La fête juive de la Pâque est célébrée avec un repas rituel appelé seder. Un certain nombre d'aliments font partie du service, qui est lu à haute voix à table. Tout comme Thanksgiving, il y a aussi certains plats qui font partie du dîner que vous avez juste à avoir - et ils doivent être exactement comme ceux de grand-mère. D'une manière ou d'une autre, nous ne voulons pas de mode lorsque la famille se réunit si rarement pour un repas spécial, n'est-ce pas?

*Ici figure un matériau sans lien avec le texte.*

(* Let $v\ge w\ge 3$ and let $(\mathcal{X},\mathcal{B})$ be a $2$-IPPS$(w,v)$. If there exist two distinct blocks $A,B\in\mathcal{B}$ with $|A\cap B|=w-1$, then $|\mathcal{B}|\le v-w+1$.
   Context: A $(w,v)$ set system is a pair $(\mathcal{X},\mathcal{B})$ with $|\mathcal{X}|=v$ and $\mathcal{B}$ a family of $w$-element subsets (blocks) of $\mathcal{X}$. For a $w$-subset $T\subseteq\mathcal{X}$ let $P_t(T)=\{\mathcal{P}\subseteq\mathcal{B}: |\mathcal{P}|\le t,\ T\subseteq\bigcup_{B\in\mathcal{P}}B\}$. The set system is a $t$-IPPS$(w,v)$ if for every $w$-subset $T\subseteq\mathcal{X}$, either $P_t(T)=\emptyset$ or $\bigcap_{\mathcal{P}\in P_t(T)}\mathcal{P}\neq\emptyset$. *)

From mathcomp Require Import all_boot.
Set Implicit Arguments. Unset Strict Implicit. Unset Printing Implicit Defensive.

Definition set_system (X : finType) (w v : nat) (B : {set {set X}}) : Prop :=
  #|X| = v /\ (forall b, b \in B -> #|b| = w).

Definition Pt (X : finType) (B : {set {set X}}) (t : nat) (T : {set X})
  : {set {set {set X}}} :=
  [set P in powerset B | (#|P| <= t) && (T \subset cover P)].

Definition IPPS (X : finType) (t w v : nat) (B : {set {set X}}) : Prop :=
  set_system w v B /\
  forall T : {set X}, #|T| = w ->
    Pt B t T = set0 \/ \bigcap_(P in Pt B t T) P != set0.

From mathcomp Require Import all_boot.
From mathcomp Require Import zify.
Set Implicit Arguments.

(* Let A, C be blocks meeting in w - 1 points and U := A :|: C, so #|U| = w + 1.
   A third block D inside U would be covered both by {D} and by {A, C}, two
   disjoint families; hence every block other than A and C has a point outside U.
   A point y outside U lies in at most one block: if y is in E and E', then the
   w-set y |: (A :&: C) is covered by {A, E}, {A, E'} and {C, E}, whose only
   possible common member forces E = E'.  Choosing an outside point in each
   other block is thus an injection into ~: U, and #|B| - 2 <= v - (w + 1). *)

Section SetSystems.

Variables (X : finType) (B : {set {set X}}).

Lemma pair_in_Pt2 (T D E : {set X}) :
  D \in B -> E \in B -> T \subset D :|: E -> [set D; E] \in Pt B 2 T.
Proof.
move=> DB EB sTDE; rewrite inE powersetE cards2 ltnS leq_b1 /=.
apply/andP; split.
  by apply/subsetP => Q; rewrite !inE => /orP[]/eqP->.
apply: (subset_trans sTDE); apply/subsetP => x.
by rewrite inE => /orP[] xP; apply/bigcupP; [exists D | exists E];
  rewrite ?inE ?eqxx ?orbT.
Qed.

Lemma Pt_common_block t w v (T : {set X}) (P : {set {set X}}) :
  IPPS t w v B -> #|T| = w -> P \in Pt B t T ->
  exists Q, forall P', P' \in Pt B t T -> Q \in P'.
Proof.
move=> [_ traceable] cardT PT.
case: (traceable T cardT) => [Pt0 | /set0Pn[Q /bigcapP inQ]]; last by exists Q.
by rewrite Pt0 inE in PT.
Qed.

Lemma block_not_subset_pair_union w v (A C D : {set X}) :
  IPPS 2 w v B -> A \in B -> C \in B -> D \in B -> D \notin [set A; C] ->
  ~~ (D \subset A :|: C).
Proof.
move=> B_IPPS AB CB DB DAC; apply/negP => sDAC.
have [[_ cardB] _] := B_IPPS.
have AC_covers := pair_in_Pt2 AB CB sDAC.
have [Q inQ] := Pt_common_block B_IPPS (cardB D DB) AC_covers.
have /inQ := pair_in_Pt2 DB DB (subsetUl D D).
by rewrite !inE orbb => /eqP QD; rewrite -QD inQ in DAC.
Qed.

Lemma cardsU_meet_pred w (A C : {set X}) :
  0 < w -> #|A| = w -> #|C| = w -> #|A :&: C| = w.-1 -> #|A :|: C| = w.+1.
Proof. by move=> w_gt0 cardA cardC cardAC; have := cardsUI A C; lia. Qed.

Lemma card_le_private_points (S : {set {set X}}) (U : {set X}) :
  {in S, forall D : {set X}, ~~ (D \subset U)} ->
  (forall y D E, y \notin U -> D \in S -> E \in S -> y \in D -> y \in E -> D = E) ->
  #|S| <= #|~: U|.
Proof.
move=> outside private.
pose f D := [pick y in D :\: U].
have fS : {in S, forall D, exists2 y, y \in D :\: U & f D = Some y}.
  move=> D DS; rewrite /f; case: pickP => [y yD | none]; first by exists y.
  by have := outside D DS; rewrite -setD_eq0; case/set0Pn => y; rewrite none.
have f_inj : {in S &, injective f}.
  move=> D E DS ES fDE.
  have [y yD fD] := fS D DS; have [z zE fE] := fS E ES.
  move: fDE yD zE; rewrite fD fE => -[<-]; rewrite !inE => /andP[yU yD] /andP[_ yE].
  exact: private yU DS ES yD yE.
rewrite -(card_in_imset f_inj) -[#|~: U|](card_imset _ (@Some_inj _)).
apply: subset_leq_card; apply/subsetP => _ /imsetP[D DS ->].
have [y + ->] := fS D DS; rewrite !inE => /andP[yU _].
by apply/imsetP; exists y; rewrite ?inE.
Qed.

End SetSystems.

Section ClosePair.

Variables (X : finType) (w v : nat) (B : {set {set X}}) (A C : {set X}).
Hypotheses (B_IPPS : IPPS 2 w v B) (w_gt0 : 0 < w).
Hypotheses (AB : A \in B) (CB : C \in B) (neqAC : A != C).
Hypothesis cardAC : #|A :&: C| = w.-1.

Let cardB : forall D, D \in B -> #|D| = w. Proof. by case: B_IPPS => -[]. Qed.

Lemma outside_point_unique_block y E E' :
  y \notin A :|: C -> E \in B -> E' \in B -> y \in E -> y \in E' -> E = E'.
Proof.
rewrite inE negb_or => /andP[yA yC] EB E'B yE yE'.
set T := y |: (A :&: C).
have cardT : #|T| = w by rewrite cardsU1 cardAC inE (negbTE yA); lia.
have coverT (D F : {set X}) : A :&: C \subset D -> y \in F -> T \subset D :|: F.
  move=> sACD yF; rewrite subUset sub1set inE yF orbT /=.
  exact: subset_trans sACD (subsetUl _ _).
have AE_covers := pair_in_Pt2 AB EB (coverT _ _ (subsetIl A C) yE).
have [Q inQ] := Pt_common_block B_IPPS cardT AE_covers.
have QAE := inQ _ AE_covers.
have /inQ QAE' := pair_in_Pt2 AB E'B (coverT _ _ (subsetIl A C) yE').
have /inQ QCE := pair_in_Pt2 CB EB (coverT _ _ (subsetIr A C) yE).
have neqAE : A != E by apply: contraNneq yA => ->.
have QE : Q = E.
  move: QAE QCE; rewrite !inE => /orP[]/eqP-> //.
  by rewrite (negbTE neqAC) (negbTE neqAE).
by move: QAE'; rewrite QE !inE eq_sym (negbTE neqAE) => /eqP.
Qed.

Lemma card_other_blocks_le : #|B :\: [set A; C]| <= #|~: (A :|: C)|.
Proof.
apply: card_le_private_points.
  by move=> D /setDP[DB DAC]; apply: block_not_subset_pair_union B_IPPS AB CB DB DAC.
by move=> y D E yAC /setDP[DB _] /setDP[EB _]; apply: outside_point_unique_block.
Qed.

End ClosePair.

Theorem proposition2 (X : finType) (w v : nat) (B : {set {set X}}) :
  3 <= w -> w <= v ->
  IPPS 2 w v B ->
  (exists A C, [/\ A \in B, C \in B, A != C & #|A :&: C| = w.-1]) ->
  #|B| <= v - w + 1.
Proof.
move=> w_ge3 _ B_IPPS [A [C [AB CB neqAC cardAC]]].
have w_gt0 : 0 < w by apply: leq_trans w_ge3.
have [[cardX cardB] _] := B_IPPS.
have cardU : #|A :|: C| = w.+1 :=
  cardsU_meet_pred w_gt0 (cardB A AB) (cardB C CB) cardAC.
have cardCU : w.+1 + #|~: (A :|: C)| = v by rewrite -cardU cardsC.
have cardS : #|B :\: [set A; C]| <= #|~: (A :|: C)|.
  exact: card_other_blocks_le B_IPPS w_gt0 AB CB neqAC cardAC.
have cardBS : #|B| <= #|B :\: [set A; C]| + 2.
  rewrite -(cardsID [set A; C] B) addnC leq_add2l.
  by rewrite (leq_trans (subset_leq_card (subsetIr _ _))) // cards2; case: (A != C).
lia.
Qed.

Notre famille ne suit pas les règles alimentaires casher, ce qui nous laisse une grande latitude. Néanmoins, lorsque j'ai essayé à plusieurs reprises d'introduire différents plats dans notre seder familial, cela ne fonctionne jamais. Hormis le passage au bon vin des vins de Concord de l'ancien temps, horriblement sucrés, le plus grand changement que nous ayons fait est d'offrir de petites boulettes de poisson gefilte (faites à partir d'un mélange de poisson blanc) comme hors-d'œuvre plutôt que dans l'ensemble parce que la plupart d'entre nous ne les aiment pas vraiment de toute façon. J’ai même essayé d’introduire des traditions d’autres cultures juives, comme des plats italiens ou nord-africains. Nan! Ce doit être la même palette de saveurs germano-européennes avec laquelle nous avons grandi.

Arme secrète

Après la Pâque, les restes des deux versions de charoset peuvent être pliés dans une recette de muffin de base pour un bon petit-déjeuner. Vous voudrez peut-être d'abord vider l'excès de liquide de la version de grand-mère.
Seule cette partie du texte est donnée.